▶ _Task to complete_:
From the listing below, copy only the lines running from the line that contains "Lemma size_balanced_parts N" to the line that contains "have hiE : hi", both included.
*** Working data ***
Lemma elem_sym_perm l l' : perm_eq l l' -> elem_sym l =1 elem_sym l'.
Proof.
elim: l l' => [|x l IH] l'; first by move=> /perm_size; case: l'.
move=> pll'; have x_l' : x \in l' by rewrite -(perm_mem pll') mem_head.
move: pll'; case/splitPr: x_l' => l1 l2 pll'.
have {}pll' : perm_eq l (l1 ++ l2).
  by rewrite -(perm_cons x) (perm_trans pll') // -cat1s perm_catCA.
have move_x : elem_sym (l1 ++ x :: l2) =1 elem_sym (x :: l1 ++ l2).
  elim: l1 {pll'} => [|y l1 IH1] // s.
  by rewrite cat_cons (eq_elem_sym_cons y IH1) elem_sym_swap.
by move=> s; rewrite move_x; apply/eq_elem_sym_cons/IH.
Qed.

Lemma elem_sym_pair_le x y x' y' l s : x + y = x' + y' -> x * y <= x' * y' ->
  elem_sym [:: x, y & l] s <= elem_sym [:: x', y' & l] s.
Proof.
move=> Esum Eprod; case: s => [|[|s]]; rewrite ?elem_sym0 //.
  by rewrite /= !elem_sym0; lia.
by rewrite !elem_sym_pair Esum leq_add2l leq_mul2r Eprod orbT.
Qed.

Lemma elem_sym_head_mono x y l s : x <= y -> elem_sym (x :: l) s <= elem_sym (y :: l) s.
Proof. by move=> le_xy; case: s => //= s; rewrite leq_add2l leq_mul2r le_xy orbT. Qed.

Lemma elem_sym_cat l1 l2 s :
  elem_sym (l1 ++ l2) s = \sum_(k < s.+1) elem_sym l1 k * elem_sym l2 (s - k).
Proof.
elim: l1 s => [|x l1 IH] s.
  by rewrite big_ord_recl /= mul1n subn0 big1 ?addn0.
case: s => [|s]; first by rewrite big_ord1 /= !elem_sym0.
rewrite cat_cons /= !IH [in RHS]big_ord_recl [X in X + _ = _]big_ord_recl /=.
rewrite !elem_sym0 !mul1n !subn0 -addnA; congr (_ + _).
rewrite big_distrr -big_split /=; apply: eq_bigr => i _.
by rewrite /bump /= add1n subSS mulnDl mulnA.
Qed.

Lemma elem_sym_nseq m x s : elem_sym (nseq m x) s = 'C(m, s) * x ^ s.
Proof.
elim: m s => [|m IH] [|s] //=.
by rewrite !IH binS expnS mulnDl; congr (_ + _); rewrite mulnCA mulnA.
Qed.

Definition balanced_parts (N R : nat) : seq nat :=
  nseq (N %% R) (N %/ R).+1 ++ nseq (R - N %% R) (N %/ R).

Lemma size_balanced_parts N R : 0 < R -> size (balanced_parts N R) = R.
Proof. by move=> R_gt0; rewrite size_cat !size_nseq subnKC // ltnW // ltn_pmod. Qed.

Lemma sumn_balanced_parts N R : sumn (balanced_parts N R) = N.
Proof.
rewrite sumn_cat !sumn_nseq.
case: (posnP R) => [->|R_gt0]; first by rewrite modn0 divn0; lia.
by have := ltn_pmod N R_gt0; have := divn_eq N R; nia.
Qed.

Lemma perm_balanced_partsE a b R : 0 < R -> b <= R ->
  perm_eq (balanced_parts (a * R + b) R) (nseq b a.+1 ++ nseq (R - b) a).
Proof.
move=> R_gt0; rewrite leq_eqVlt => /orP[/eqP-> | b_lt_R].
  by rewrite -mulSnr /balanced_parts modnMl mulnK // subn0 subnn cats0.
by rewrite /balanced_parts modnMDl divnMDl // modn_small // divn_small // addn0.
Qed.

Lemma perm_balanced_parts l : {in l &, forall x y, y <= x.+1} ->
  perm_eq l (balanced_parts (sumn l) (size l)).
Proof.
case: l => [|x0 l0] // near; set l := x0 :: l0 in near *.
have [lo lo_l lo_min] : exists2 lo, lo \in l & {in l, forall y, lo <= y}.
  have [lo lo_l lo_min] := ex_minnP (ex_intro (fun k => k \in l) x0 (mem_head _ _)).
  by exists lo => // y /lo_min.
set hi := [seq y <- l | y == lo.+1]; set low := [seq y <- l | y != lo.+1].
have l_hi_low : perm_eq l (hi ++ low) by rewrite perm_sym perm_filterC.
have hiE : hi = nseq (size hi) lo.+1 by apply/all_pred1P; rewrite filter_all.
have lowE : low = nseq (size low) lo.
  apply/all_pred1P/allP => y; rewrite mem_filter => /andP[y_ne y_l] /=.
  by have := lo_min y y_l; have := near lo y lo_l y_l; move: y_ne; lia.
rewrite hiE lowE in l_hi_low.
rewrite (perm_sumn l_hi_low) (perm_size l_hi_low).
rewrite sumn_cat !sumn_nseq size_cat !size_nseq.
apply: (perm_trans l_hi_low); rewrite perm_sym.
have size_gt0 : 0 < size hi + size low.
  by have := perm_size l_hi_low; rewrite size_cat !size_nseq => <-.
rewrite (_ : _ + _ = lo * (size hi + size low) + size hi); last by nia.
by have := perm_balanced_partsE lo size_gt0 (leq_addr _ _); rewrite addKn.
Qed.

(* Replacing two entries x + 1 < y by x + 1 and y - 1 keeps the sum, increases
   every [elem_sym] and strictly decreases the sum of squares; a list admitting
   no such move is balanced. *)
Lemma elem_sym_le_balanced l s :
  elem_sym l s <= elem_sym (balanced_parts (sumn l) (size l)) s.
Proof.
move: {2}(sumn [seq x * x | x <- l]).+1 (ltnSn (sumn [seq x * x | x <- l])) => n.
elim: n l => [|n IH] l //; rewrite ltnS => sq_l.
have [/hasP[x x_l /hasP[y y_l lt_xy]] | unmovable] :=
  boolP (has (fun x => has (fun y => x.+1 < y) l) l).
  have y_rem : y \in rem x l.
    by move: y_l; rewrite (perm_mem (perm_to_rem x_l)) inE gtn_eqF // ltnW.
  have l_xy : perm_eq l [:: x, y & rem y (rem x l)].
    by rewrite (perm_trans (perm_to_rem x_l)) // perm_cons perm_to_rem.
  set l' := [:: x.+1, y.-1 & rem y (rem x l)].
  have [-> ->] : sumn l = sumn l' /\ size l = size l'.
    by rewrite (perm_sumn l_xy) (perm_size l_xy) /=; split => //; lia.
  apply: leq_trans (IH l' _); last first.
    by move: sq_l; rewrite (perm_sumn (perm_map _ l_xy)) /=; nia.
  by rewrite (elem_sym_perm l_xy); apply: elem_sym_pair_le; nia.
rewrite (elem_sym_perm (perm_balanced_parts _)) // => x y x_l y_l.
rewrite leqNgt; apply: contra unmovable => lt_xy.
by apply/hasP; exists x => //; apply/hasP; exists y.
Qed.

Lemma elem_sym_le_balanced_sumn_le l N s : 0 < size l -> sumn l <= N ->
  elem_sym l s <= elem_sym (balanced_parts N (size l)) s.
Proof.
case: l => [|x l] // _ le_sum_N.
apply: leq_trans (elem_sym_head_mono l s (leq_addr (N - sumn (x :: l)) x)) _.
have {2}-> : N = sumn (x + (N - sumn (x :: l)) :: l) by move: le_sum_N => /=; lia.
exact: elem_sym_le_balanced.
Qed.

Lemma sum_card_setI (T : finType) (A : {set {set T}}) (P : {set T}) :
  \sum_(S in A) #|S :&: P| = \sum_(x in P) #|[set S in A | x \in S]|.
Proof.
have card_setI S : #|S :&: P| = \sum_(x in P) (x \in S).
  rewrite -sum1_card big_mkcond [RHS]big_mkcond; apply: eq_bigr => x _.
  by rewrite inE andbC; case: (_ \in _).
rewrite (eq_bigr _ (fun S _ => card_setI S)) exchange_big /=; apply: eq_bigr => x _.
rewrite -sum1_card big_mkcond [RHS]big_mkcond; apply: eq_bigr => S _.
by rewrite inE; case: (_ \in _).
Qed.

Section Cliques.
Variables (V : finType) (e : rel V).
Hypotheses (e_sym : symmetric e) (e_irr : irreflexive e).

Definition cliques_in (U : {set V}) (s : nat) : {set {set V}} :=
  [set S : {set V} | [&& S \subset U, #|S| == s & is_clique e S]].

Definition cliques_through (U : {set V}) (s : nat) (v : V) : {set {set V}} :=
  [set S in cliques_in U s | v \in S].

Definition nbhd (v : V) : {set V} := [set y | e v y].

Definition clique_num_le_in (U : {set V}) (r : nat) : Prop :=
  forall S : {set V}, S \subset U -> is_clique e S -> #|S| <= r.

Lemma cliqueP (S : {set V}) :
  reflect {in S &, forall x y, x != y -> e x y} (is_clique e S).
Proof.
apply: (iffP forallP) => [cl_S x y x_S y_S | cl_S x].
  by have /implyP/(_ x_S)/forallP/(_ y)/implyP/(_ y_S)/implyP := cl_S x.
apply/implyP => x_S; apply/forallP => y; apply/implyP => y_S.
by apply/implyP; apply: cl_S.
Qed.

Lemma clique_subset (S T : {set V}) : S \subset T -> is_clique e T -> is_clique e S.
Proof.
by move=> /subsetP sST /cliqueP cl_T; apply/cliqueP => x y /sST x_T /sST; apply: cl_T.
Qed.

Lemma clique_setU1 (v : V) (S : {set V}) :
  is_clique e S -> {in S, forall y, e v y} -> is_clique e (v |: S).
Proof.
move=> /cliqueP cl_S v_S; apply/cliqueP => x y; rewrite !inE.
case/orP=> [/eqP->|x_S]; case/orP=> [/eqP->|y_S]; rewrite ?eqxx //.
- by move=> _; apply: v_S.
- by move=> _; rewrite e_sym; apply: v_S.
- exact: cl_S.
Qed.

Lemma clique_set1 (x : V) : is_clique e [set x].
Proof. by apply/cliqueP => y z; rewrite !inE => /eqP-> /eqP->; rewrite eqxx. Qed.

Lemma card_cliques_in0 (U : {set V}) : #|cliques_in U 0| = 1.
Proof.
rewrite (_ : cliques_in U 0 = [set set0]) ?cards1 //.
apply/setP => S; rewrite !inE cards_eq0; case: eqP => [->|_]; last by rewrite andbF.
by rewrite sub0set; apply/cliqueP => x y; rewrite inE.
Qed.

Lemma card_cliques_in_eq0 (U : {set V}) r s :
  clique_num_le_in U r -> r < s -> #|cliques_in U s| = 0.
Proof.
move=> U_r lt_rs; apply/eqP; rewrite cards_eq0; apply/eqP/setP => S; rewrite !inE.
by apply/negP => /and3P[S_U /eqP S_s cl_S]; have := U_r S S_U cl_S; lia.
Qed.

Lemma clique_num_le_in0 (U : {set V}) : clique_num_le_in U 0 -> U = set0.
Proof.
move=> U_0; apply/setP => x; rewrite inE; apply/negP => x_U.
by have := U_0 [set x]; rewrite sub1set x_U cards1 => /(_ isT (clique_set1 x)).
Qed.

Lemma clique_num_le_in_nbhd (U : {set V}) r v :
  clique_num_le_in U r.+1 -> v \in U -> clique_num_le_in (U :&: nbhd v) r.
Proof.
move=> U_r v_U S S_N cl_S.
have v_S : v \notin S by apply/negP => /(subsetP S_N); rewrite !inE e_irr andbF.
have := U_r (v |: S); rewrite cardsU1 v_S add1n ltnS; apply.
  by rewrite subUset sub1set v_U (subset_trans S_N) ?subsetIl.
by apply: clique_setU1 => // y /(subsetP S_N); rewrite !inE => /andP[].
Qed.

Lemma card_cliques_through_le (U : {set V}) s v :
  #|cliques_through U s.+1 v| <= #|cliques_in (U :&: nbhd v) s|.
Proof.
have inj_D1 : {in cliques_through U s.+1 v &, injective (fun S => S :\ v)}.
  move=> S1 S2; rewrite !inE => /andP[_ v_S1] /andP[_ v_S2] E.
  by rewrite -(setD1K v_S1) -(setD1K v_S2) E.
rewrite -(card_in_imset inj_D1); apply/subset_leq_card/subsetP => _ /imsetP[S + ->].
rewrite !inE => /andP[/and3P[S_U /eqP S_s cl_S] v_S]; apply/and3P; split.
- apply/subsetP => y; rewrite !inE => /andP[y_v y_S].
  by rewrite (subsetP S_U _ y_S); move/cliqueP: cl_S; apply; rewrite // eq_sym.
- by move: S_s; rewrite (cardsD1 v) v_S add1n => -[->].
- exact: clique_subset (subD1set _ _) cl_S.
Qed.

Lemma card_cliques_in_le_through (U W : {set V}) s :
  #|cliques_in U s| <= #|cliques_in W s| + \sum_(x in U :\: W) #|cliques_through U s x|.
Proof.
set A := cliques_in U s; set B := [set S : {set V} | S \subset W].
rewrite -(cardsID B A); apply: leq_add.
  apply/subset_leq_card/subsetP => S; rewrite !inE => /andP[/and3P[_ -> ->] ->].
  by rewrite andbT.
apply: (@leq_trans (\sum_(S in A :\: B) #|S :&: (U :\: W)|)).
  rewrite -sum1_card; apply: leq_sum => S; rewrite !inE => /andP[S_W /and3P[S_U _ _]].
  case/subsetPn: S_W => x x_S x_W; rewrite card_gt0; apply/set0Pn; exists x.
  by rewrite !inE x_S x_W (subsetP S_U).
rewrite sum_card_setI; apply: leq_sum => x _.
by apply/subset_leq_card/subsetP => S; rewrite !inE => /andP[/andP[_ ->] ->].
Qed.

(* Induction on r, splitting U along the neighbourhood of a vertex v lying in
   the largest number of s-cliques: the non-neighbours contribute at most as
   much as a part of that size in a complete multipartite graph. *)
Lemma card_cliques_in_le_balanced r (U : {set V}) s :
  clique_num_le_in U r -> #|cliques_in U s| <= elem_sym (balanced_parts #|U| r) s.
Proof.
elim: r U s => [|r IH] U [|s] U_r; rewrite ?card_cliques_in0 ?elem_sym0 //.
  by rewrite (card_cliques_in_eq0 U_r).
have [U0 | [u0 u0_U]] := set_0Vmem U.
  rewrite (@card_cliques_in_eq0 _ 0) // => S; rewrite U0 subset0 => /eqP-> _.
  by rewrite cards0.
case: (arg_maxnP (fun v => #|cliques_through U s.+1 v|) u0_U) => v v_U v_max.
set N := U :&: nbhd v; have N_r := clique_num_le_in_nbhd U_r v_U.
apply: (@leq_trans (elem_sym (#|U :\: N| :: balanced_parts #|N| r) s.+1)).
  apply: leq_trans (card_cliques_in_le_through U N s.+1) _; rewrite /= leq_add ?IH //.
  rewrite -sum_nat_const; apply: leq_sum => x x_UN.
  apply: leq_trans (v_max x _) _; first by move: x_UN; rewrite inE => /andP[].
  exact: leq_trans (card_cliques_through_le U s v) (IH _ _ N_r).
have size_parts : size (balanced_parts #|N| r) = r.
  case: (posnP r) => [r0 | r_gt0]; last exact: size_balanced_parts.
  by move: N_r; rewrite r0 => /clique_num_le_in0; rewrite -/N => ->; rewrite cards0.
have sum_parts : sumn (#|U :\: N| :: balanced_parts #|N| r) = #|U|.
  by rewrite /= sumn_balanced_parts -(cardsID N U) setIA setIid addnC.
have := elem_sym_le_balanced (#|U :\: N| :: balanced_parts #|N| r) s.+1.
by rewrite sum_parts /= size_parts.
Qed.

Lemma card_cliques_in_join (U P : {set V}) s : P \subset U ->
  {in P &, forall x y, ~~ e x y} -> {in P & U :\: P, forall x y, e x y} ->
  #|cliques_in U s.+1| = #|cliques_in (U :\: P) s.+1| + #|P| * #|cliques_in (U :\: P) s|.
Proof.
move=> P_U P_indep P_join.
set A := cliques_in U s.+1; set B := [set S : {set V} | S \subset U :\: P].
rewrite -(cardsID B A); congr (_ + _).
  apply: eq_card => S; rewrite !inE; apply/idP/idP => [/andP[/and3P[_ -> ->] ->] //|].
  by case/and3P => S_UP -> ->; rewrite S_UP (subset_trans S_UP) ?subsetDl.
have meet_P S : S \in A :\: B -> #|S :&: P| = 1.
  rewrite !inE => /andP[S_UP /and3P[S_U _ cl_S]]; case/subsetPn: S_UP => x x_S x_UP.
  have x_P : x \in P by move: x_UP; rewrite !inE (subsetP S_U _ x_S) andbT negbK.
  apply/eqP/cards1P; exists x; apply/setP => y; rewrite !inE.
  apply/andP/eqP => [[y_S y_P] | ->] //; apply/eqP/negPn/negP => y_x.
  by have := P_indep y x y_P x_P; rewrite (cliqueP _ cl_S y x y_S x_S y_x).
rewrite -sum1_card (eq_bigr _ (fun S S_in => esym (meet_P S S_in))).
rewrite sum_card_setI -sum_nat_const; apply: eq_bigr => x x_P.
have x_U : x \in U := subsetP P_U x x_P.
have notin_UP T : T \in cliques_in (U :\: P) s -> x \notin T.
  by rewrite inE => /and3P[T_UP _ _]; apply/negP => /(subsetP T_UP); rewrite !inE x_P.
have inj_U1 : {in cliques_in (U :\: P) s &, injective (fun T => x |: T)}.
  move=> T1 T2 /notin_UP x_T1 /notin_UP x_T2 E.
  by rewrite -(setU1K x_T1) -(setU1K x_T2) E.
rewrite -(card_in_imset inj_U1); apply: eq_card => S; rewrite inE.
apply/idP/imsetP => [|[T T_in ->]].
  rewrite !inE => /andP[/andP[S_UP /and3P[S_U /eqP S_s cl_S]] x_S].
  exists (S :\ x); last by rewrite setD1K.
  rewrite !inE; apply/and3P; split.
  - apply/subsetP => y; rewrite !inE => /andP[y_x y_S]; rewrite (subsetP S_U _ y_S) andbT.
    apply/negP => y_P; have := P_indep y x y_P x_P.
    by rewrite (cliqueP _ cl_S y x y_S x_S y_x).
  - by move: S_s; rewrite (cardsD1 x) x_S add1n => -[->].
  - exact: clique_subset (subD1set _ _) cl_S.
have x_T := notin_UP T T_in; move: T_in; rewrite !inE => /and3P[T_UP /eqP T_s cl_T].
rewrite eqxx andbT; apply/and4P; split.
- by apply/negP => /subsetP /(_ x (setU11 _ _)); rewrite !inE x_P.
- by rewrite subUset sub1set x_U (subset_trans T_UP) ?subsetDl.
- by rewrite cardsU1 x_T T_s.
- by apply: clique_setU1 => // y /(subsetP T_UP) y_UP; apply: P_join.
Qed.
***
▶ _Exercise answer_:
Lemma size_balanced_parts N R : 0 < R -> size (balanced_parts N R) = R.
Proof. by move=> R_gt0; rewrite size_cat !size_nseq subnKC // ltnW // ltn_pmod. Qed.

Lemma sumn_balanced_parts N R : sumn (balanced_parts N R) = N.
Proof.
rewrite sumn_cat !sumn_nseq.
case: (posnP R) => [->|R_gt0]; first by rewrite modn0 divn0; lia.
by have := ltn_pmod N R_gt0; have := divn_eq N R; nia.
Qed.

Lemma perm_balanced_partsE a b R : 0 < R -> b <= R ->
  perm_eq (balanced_parts (a * R + b) R) (nseq b a.+1 ++ nseq (R - b) a).
Proof.
move=> R_gt0; rewrite leq_eqVlt => /orP[/eqP-> | b_lt_R].
  by rewrite -mulSnr /balanced_parts modnMl mulnK // subn0 subnn cats0.
by rewrite /balanced_parts modnMDl divnMDl // modn_small // divn_small // addn0.
Qed.

Lemma perm_balanced_parts l : {in l &, forall x y, y <= x.+1} ->
  perm_eq l (balanced_parts (sumn l) (size l)).
Proof.
case: l => [|x0 l0] // near; set l := x0 :: l0 in near *.
have [lo lo_l lo_min] : exists2 lo, lo \in l & {in l, forall y, lo <= y}.
  have [lo lo_l lo_min] := ex_minnP (ex_intro (fun k => k \in l) x0 (mem_head _ _)).
  by exists lo => // y /lo_min.
set hi := [seq y <- l | y == lo.+1]; set low := [seq y <- l | y != lo.+1].
have l_hi_low : perm_eq l (hi ++ low) by rewrite perm_sym perm_filterC.
have hiE : hi = nseq (size hi) lo.+1 by apply/all_pred1P; rewrite filter_all.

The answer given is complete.